For example, making decisions as a CMO requires you to incorporate many different types of information, and respond to an ever-changing work environment. To be an effective CMO, you need years of education and experience, and you’ll be making decisions that can impact multi-billion dollar corporations in some cases.
AI is constantly getting better, so from a certain perspective, it’s only a matter of time before AI algorithms become sophisticated enough to handle more complicated jobs.
We’ve already seen this play out in a handful of areas. For example, AI is being increasingly used in the marketing industry to crunch numbers and intelligently recommend new strategies. It’s being used to write content on a regular basis—and the content it produces is almost indistinguishable from content generated by human writers. AI is also being used in the medical field, responsible for executing precise surgeries on patients and analyzing and filling prescriptions for patients in a pharmacist role.
Perhaps the most promising area of development in AI and automation is the inclusion of human emotion. Engineers are developing chatbots and other forms of AI that can both “understand” and replicate human emotions; in the near future, you may be able to have an open conversation about your feelings to an AI-based, virtual HR rep. You may hear notes of compassion in the voice of a chatbot when you call a customer service line. You may even rely on an AI algorithm in a therapy session.
Tech optimists see these forms of progress as an indication of where we’re headed. In 1996, AI was sophisticated enough to beat the human chess champion Garry Kasparov in a game of chess. In 2015, AI became sophisticated enough to beat human go players (with go being considered one of the most complex traditional games). It wasn’t that long ago that it was considered impossible for computers to become advanced enough to beat human players in either chess or go.
The mentality here is that we’ve seen AI do “impossible” things on a consistent basis. Every year, we develop machines to accomplish something new that was previously thought to be unthinkable. Following this line of logic, it’s hard to assert that there’s anything truly impossible for machines to do.
AI and Humans: A Perfect Partnership?
Of course, just because AI could have the power to accomplish human responsibilities doesn’t mean AI is going to replace human beings in a takeover of their current jobs. There are a number of possibilities that could allow humans and AI to work together in harmony.
In the first vision, AI is merely used to handle responsibilities that humans can’t handle, for one reason or another. For example, completely automated surgery may be reserved for handling surgeries when human surgeons are busy or unavailable; there’s a doctor shortage in the United States, and AI-based systems could arise to help fill the void, thereby jeopardizing few (if any) human jobs.

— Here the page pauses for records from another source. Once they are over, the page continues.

(* Let $n \geq 2$, $N = \frac{n(n+1)}{2}$, fix $1 \leq i < j \leq k < n$, and put $x = \lambda_{k,i}$, $y = \lambda_{k,j}$. Let $\mathcal{A}$, $V_{\mathcal{A}}$ and its $U(\mathfrak{gl}(n,\mathbb{C}))$-module structure be as in the context. Let $\mathcal{B} \subset \mathcal{A}$ be the subalgebra of functions in $\mathcal{A}$ that are also regular at every $1$-critical point (see context). Let $\tau$ be the involution of $\mathbb{Z}^N$ swapping the coordinates $(k,i)$ and $(k,j)$, and for $z \in \mathbb{Z}^N_0$ define $$S(z) = \frac{T(z) + T(\tau(z))}{2}, \qquad A(z) = \frac{T(z) - T(\tau(z))}{2(x-y)} \qquad \text{in } V_{\mathcal{A}}.$$ Let $V_{\mathcal{B}} \subset V_{\mathcal{A}}$ be the $\mathcal{B}$-submodule generated by $\{S(z), A(z) \mid z \in \mathbb{Z}^N_0\}$. Then $V_{\mathcal{B}}$ is a $U(\mathfrak{gl}(n,\mathbb{C}))$-submodule of $V_{\mathcal{A}}$.
   Context: Points $v \in \mathbb{C}^N$ are arrays $(v_{r,s})_{1 \leq s \leq r \leq n}$ and $\lambda_{r,s}$ is the coordinate function $v \mapsto v_{r,s}$. A point $v$ is generic if for all $1 \leq a < b \leq r < n$ one has $v_{r,a} - v_{r,b} \notin \mathbb{Z}$. A point $v$ is called $1$-critical (for the fixed pair) if $v_{k,i} = v_{k,j}$ and for every other pair $(r,a) \neq (r,b)$ of positions in the same row $r < n$ with $\{(r,a),(r,b)\} \neq \{(k,i),(k,j)\}$ one has $v_{r,a} - v_{r,b} \notin \mathbb{Z}$. $\mathcal{A}$ is the ring of rational functions $g/h$ ($g,h$ polynomials in the $\lambda_{r,s}$) with $h(v) \neq 0$ at every generic $v$; $\mathcal{B}$ consists of those $f \in \mathcal{A}$ which can be written with a denominator nonvanishing also at every $1$-critical point (e.g. $1/(x-y) \in \mathcal{A} \setminus \mathcal{B}$). $\mathbb{Z}^N_0$ is the set of $z \in \mathbb{Z}^N$ with $z_{n,s} = 0$ for all $s$; $\delta^{r,s} \in \mathbb{Z}^N$ is the unit vector at position $(r,s)$. For a rational function $f$ and $z \in \mathbb{Z}^N$, $f(\lambda^z)$ denotes $v \mapsto f(v+z)$. Put $p^{\pm}_{r,s} = \prod_{t=1}^{r \pm 1} (\lambda_{r,s} - \lambda_{r \pm 1, t})$, $q_{r,s} = \prod_{t \neq s,\, 1 \leq t \leq r} (\lambda_{r,s} - \lambda_{r,t})$, $|\lambda|_r = \lambda_{r,1} + \cdots + \lambda_{r,r}$, $|\lambda|_0 = 0$. $V_{\mathcal{A}}$ is the free $\mathcal{A}$-module with basis $\{T(z) \mid z \in \mathbb{Z}^N_0\}$, equipped with the $U(\mathfrak{gl}(n,\mathbb{C}))$-module structure by $\mathcal{A}$-linear operators given on basis vectors by $E_{r,r+1} T(z) = -\sum_{s=1}^r \frac{p^+_{r,s}(\lambda^z)}{q_{r,s}(\lambda^z)} T(z + \delta^{r,s})$, $E_{r+1,r} T(z) = \sum_{s=1}^r \frac{p^-_{r,s}(\lambda^z)}{q_{r,s}(\lambda^z)} T(z - \delta^{r,s})$ for $1 \leq r < n$, and $E_{r,r} T(z) = (|\lambda^z|_r - |\lambda^z|_{r-1} + r - 1) T(z)$ for $1 \leq r \leq n$ (these formulas do define a $U(\mathfrak{gl}(n,\mathbb{C}))$-module). The element $A(z)$ is a vector of $V_{\mathcal{A}}$, not to be confused with the algebra $\mathcal{A}$. *)

From HB Require Import structures.
From mathcomp Require Import all_boot all_order all_algebra.
From mathcomp Require Import complex.
From mathcomp Require Import Rstruct.
From mathcomp Require Import fraction mpoly.

Set Implicit Arguments.
Unset Strict Implicit.
Unset Printing Implicit Defensive.

Import Order.TTheory GRing.Theory Num.Theory.
Local Open Scope ring_scope.

Definition CC : numClosedFieldType := complex Rdefinitions.R.

(* Positions (r,s), 1 <= s <= r <= n, encoded 0-based: (r-1, s-1) with s-1 <= r-1 < n. *)
Definition pos (n : nat) := {p : 'I_n * 'I_n | (nat_of_ord p.2 <= nat_of_ord p.1)%N}.

(* N = #|pos n| = n(n+1)/2 ; variables lambda_{r,s} are 'X_(enum_rank p). *)
Definition Nv (n : nat) := #|{: pos n}|.

Definition Pol (n : nat) := {mpoly CC[Nv n]}.
Definition Frac (n : nat) := {fraction Pol n}.
Definition toF n (p : Pol n) : Frac n := @FracField.tofrac (Pol n) p.

Definition mkpos (n r s : nat) : option (pos n) :=
  match @insub nat (fun m => (m < n)%N) 'I_n r, @insub nat (fun m => (m < n)%N) 'I_n s with
  | Some r', Some s' => @insub ('I_n * 'I_n) (fun p => (nat_of_ord p.2 <= nat_of_ord p.1)%N) (pos n) (r', s')
  | _, _ => None
  end.

Definition point (n : nat) := pos n -> CC.
Definition Zvec (n : nat) := {ffun pos n -> int}.

(* coordinate v_{r,s} (0-based r, s); 0 outside the range, never used there *)
Definition vat n (v : point n) (r s : nat) : CC :=
  if mkpos n r s is Some p then v p else 0.
Definition zat n (z : Zvec n) (r s : nat) : int :=
  if mkpos n r s is Some p then z p else 0.

Definition evalP n (h : Pol n) (v : point n) : CC :=
  h.@[fun i => v (enum_val i)].

Definition is_int (c : CC) : Prop := exists m : int, c = m%:~R.

(* generic: for 1 <= a < b <= r < n (paper), v_{r,a} - v_{r,b} not in Z *)
Definition generic n (v : point n) : Prop :=
  forall r a b : nat, (r.+1 < n)%N -> (a < b)%N -> (b <= r)%N ->
    ~ is_int (vat v r a - vat v r b).

Definition critical1 n (k i j : nat) (v : point n) : Prop :=
  vat v k i = vat v k j /\
  forall r a b : nat, (r.+1 < n)%N -> (a < b)%N -> (b <= r)%N ->
    ~ (r = k /\ a = i /\ b = j) ->
    ~ is_int (vat v r a - vat v r b).

Definition inA n (f : Frac n) : Prop :=
  exists g h : Pol n, (forall v, generic v -> evalP h v != 0) /\ f = toF g / toF h.
Definition inB n (k i j : nat) (f : Frac n) : Prop :=
  inA f /\
  exists g h : Pol n,
    (forall v, generic v \/ critical1 k i j v -> evalP h v != 0) /\ f = toF g / toF h.

Definition lam n (r s : nat) : Frac n :=
  if mkpos n r s is Some p then toF ('X_(enum_rank p) : Pol n) else 0.
Definition lamz n (z : Zvec n) (r s : nat) : Frac n := lam n r s + (zat z r s)%:~R.

Definition pplus n (z : Zvec n) (r s : nat) : Frac n :=
  \prod_(t < r.+2) (lamz z r s - lamz z r.+1 t).
Definition pminus n (z : Zvec n) (r s : nat) : Frac n :=
  \prod_(t < r) (lamz z r s - lamz z r.-1 t).
Definition qq n (z : Zvec n) (r s : nat) : Frac n :=
  \prod_(t < r.+1 | val t != s) (lamz z r s - lamz z r t).
(* |lambda^z|_r for paper index r (row r-1 0-based); |lambda|_0 = 0 *)
Definition rowsum n (z : Zvec n) (r : nat) : Frac n :=
  \sum_(t < r) lamz z r.-1 t.

Definition shift n (z : Zvec n) (r s : nat) (c : int) : Zvec n :=
  [ffun p : pos n => z p + (if ((val (sval p).1 == r) && (val (sval p).2 == s)) then c else 0)].

(* vectors of V_A: sum_z w(z) T(z), represented by the coefficient function w *)
Definition vec n := Zvec n -> Frac n.

Definition T n (z : Zvec n) : vec n := fun z' => if z' == z then 1 else 0.

(* The operators, as coefficient-wise formulas (0-based r; paper index r+1):
   E_{r+1,r+2} w = - sum_z sum_s w(z) p^+/q (lambda^z) T(z + delta^{r,s})
   E_{r+2,r+1} w =   sum_z sum_s w(z) p^-/q (lambda^z) T(z - delta^{r,s})
   E_{r+1,r+1} w =   sum_z w(z) (|lambda^z|_{r+1} - |lambda^z|_r + r) T(z) *)
Definition Eup n (r : nat) (w : vec n) : vec n := fun z' =>
  - \sum_(s < r.+1)
      (pplus (shift z' r s (-1)) r s / qq (shift z' r s (-1)) r s) * w (shift z' r s (-1)).
Definition Edown n (r : nat) (w : vec n) : vec n := fun z' =>
  \sum_(s < r.+1)
      (pminus (shift z' r s 1) r s / qq (shift z' r s 1) r s) * w (shift z' r s 1).
Definition Ediag n (r : nat) (w : vec n) : vec n := fun z' =>
  (rowsum z' r.+1 - rowsum z' r + r%:R) * w z'.

Definition inZ0 n (z : Zvec n) : Prop := forall s : nat, (s < n)%N -> zat z n.-1 s = 0.

Definition tau n (k i j : nat) (z : Zvec n) : Zvec n :=
  [ffun p : pos n =>
     if (val (sval p).1 == k) && (val (sval p).2 == i) then zat z k j
     else if (val (sval p).1 == k) && (val (sval p).2 == j) then zat z k i
     else z p].

Definition Svec n (k i j : nat) (z : Zvec n) : vec n := fun z' =>
  (T z z' + T (tau k i j z) z') / 2%:R.
Definition Avec n (k i j : nat) (z : Zvec n) : vec n := fun z' =>
  (T z z' - T (tau k i j z) z') / (2%:R * (lam n k i - lam n k j)).

Definition inVB n (k i j : nat) (w : vec n) : Prop :=
  exists (m : nat) (zs : 'I_m -> Zvec n) (b b' : 'I_m -> Frac n),
    (forall l, inZ0 (zs l) /\ inB k i j (b l) /\ inB k i j (b' l)) /\
    forall z', w z' = \sum_(l < m) (b l * Svec k i j (zs l) z' + b' l * Avec k i j (zs l) z').

From HB Require Import structures.
From mathcomp Require Import all_boot all_order all_algebra.
From mathcomp Require Import complex Rstruct fraction mpoly.
From mathcomp Require Import ring zify.
Set Implicit Arguments.
Unset Strict Implicit.
Unset Printing Implicit Defensive.
Import Order.TTheory GRing.Theory Num.Theory.
Local Open Scope ring_scope.

(* On T(z), E_{r,r+1} and E_{r+1,r} are sums over s of c_s(z) T(z -+ delta^{r,s}), and tau maps
   the shift at (r,s) to the shift at (r, sigma s), sigma exchanging the columns i and j of row k.
   So 2 E S(z) and 2 (x - y) E A(z) are sums of terms al T(z') + be T(tau z'), resp.
   al T(z') - be T(tau z'), with al = c_s(z) and be = c_{sigma s}(tau z), and
     (al T(z') + be T(tau z')) / 2 = (al + be)/2 S(z') + (al - be)(x - y)/2 A(z'),
     (al T(z') - be T(tau z')) / (2 (x - y)) = g/2 S(z') + (al + be)/2 A(z')
        when al - be = (x - y) g,
   while A(z) = 0 when z_{k,i} = z_{k,j}.  It remains to see that al + be, (al - be)(x - y) and
   (al - be)/(x - y) lie in B.  The only factor of a denominator q_{r,s} that may vanish at a
   1-critical point is lambda^z_{k,i} - lambda^z_{k,j} with z_{k,i} = z_{k,j}.  Off row k
   everything is tau-invariant, tau changes products over the pair (k,i), (k,j) by multiples of
   x - y, and in the remaining case s = i the singular factors x - y cancel because a difference
   of products of linear forms is divisible by the difference of the variables.  E_{r,r} is
   diagonal with a tau-invariant eigenvalue. *)

Lemma bigD1_ord_nat (R : Type) (idx : R) (op : Monoid.com_law idx) m (P : pred nat)
  (F : nat -> R) j0 : (j0 < m)%N -> P j0 ->
  \big[op/idx]_(t < m | P t) F t = op (F j0) (\big[op/idx]_(t < m | P t && (t != j0 :> nat)) F t).
Proof. by move=> hj hP; rewrite (bigD1 (Ordinal hj)). Qed.

Section FieldIdentities.
Variable F : fieldType.

Lemma div_sub_div (P q q' : F) : q != 0 -> q' != 0 -> P / q - P / q' = P * (q' - q) / q / q'.
Proof. by move=> hq hq'; field; rewrite hq hq'. Qed.

(* the coefficients of the critical case [s = i]: [FX / ((e + d) GX)] and [FY / ((d - e) GY)] with
   [e = x - y], [d = z_{k,i} - z_{k,j}]; "tied" means [d = 0] *)
Lemma tied_sum (FX FY GX GY DF DG e : F) : FX - FY = e * DF -> GX - GY = e * DG ->
  e != 0 -> GX != 0 -> GY != 0 ->
  FX / (e * GX) + FY / (- e * GY) = (DF * GY - FY * DG) / GX / GY.
Proof.
move=> hF hG he hX hY; have hX' : e * DG + GY != 0 by rewrite -hG subrK.
rewrite -[FX](subrK FY) -[GX](subrK GY) hF hG; field.
by rewrite hY hX' oppr_eq0 he.
Qed.

Lemma tied_diff (FX FY GX GY e : F) : e != 0 -> GX != 0 -> GY != 0 ->
  (FX / (e * GX) - FY / (- e * GY)) * e = FX / GX + FY / GY.
Proof. by move=> he hX hY; field; rewrite oppr_eq0 he hX hY. Qed.

Lemma untied_diff (FX FY GX GY DF DG e d : F) : FX - FY = e * DF -> GX - GY = e * DG ->
  (e + d) * GX != 0 -> (d - e) * GY != 0 ->
  FX / ((e + d) * GX) - FY / ((d - e) * GY) =
  e * ((d * (DF * GY - FY * DG) - (FX * GY + FY * GX)) / ((e + d) * GX) / ((d - e) * GY)).
Proof.
move=> hF hG hX hY.
have key : FX * ((d - e) * GY) - FY * ((e + d) * GX) =
    e * (d * (DF * GY - FY * DG) - (FX * GY + FY * GX)).
  by rewrite -[FX](subrK FY) -[GX](subrK GY) hF hG; ring.
rewrite !mulrA -key; field.
by move: hX hY; rewrite !mulf_eq0 !negb_or => /andP [-> ->] /andP [-> ->].
Qed.

Lemma recombine_S (a b e Tu Tt : F) : e != 0 -> 2%:R != 0 :> F ->
  2%:R^-1 * (a * Tu + b * Tt) =
  (a + b) / 2%:R * ((Tu + Tt) / 2%:R) + (a - b) * e / 2%:R * ((Tu - Tt) / (2%:R * e)).
Proof. by move=> he h2; field; rewrite he h2. Qed.

Lemma recombine_A (a b e g Tu Tt : F) : e != 0 -> 2%:R != 0 :> F -> a - b = e * g ->
  (2%:R * e)^-1 * (a * Tu - b * Tt) =
  g / 2%:R * ((Tu + Tt) / 2%:R) + (a + b) / 2%:R * ((Tu - Tt) / (2%:R * e)).
Proof. by move=> he h2 hg; rewrite -[a](subrK b) hg; field; rewrite he h2. Qed.

End FieldIdentities.

Section Positions.
Variable n : nat.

In another vision, AI could mostly serve as a complement to human thinking. Rather than depending exclusively on human creativity or AI-powered calculus, the best systems would reflect a partnership between these modes. Human beings in analyst and creative positions would utilize AI as tools to enhance their own skills, knowledge, and abilities. Their abilities would be enhanced, rather than replaced.
It’s also worth noting that AI could replace some human responsibilities without actually replacing the humans engaging in those responsibilities. For example, if part of your job is generating marketing reports, the AI could take over that portion of your workday—and you could spend more time handling other, more complex responsibilities. In this vision, the nature of white collar work would gradually change, with white collar workers taking on bigger, higher-level, and more complex responsibilities over time. This could result in an even bigger skill gap between blue collar and white collar workers, and spur a number of problematic economic side effects; however, it wouldn’t mean the true end of any white collar jobs.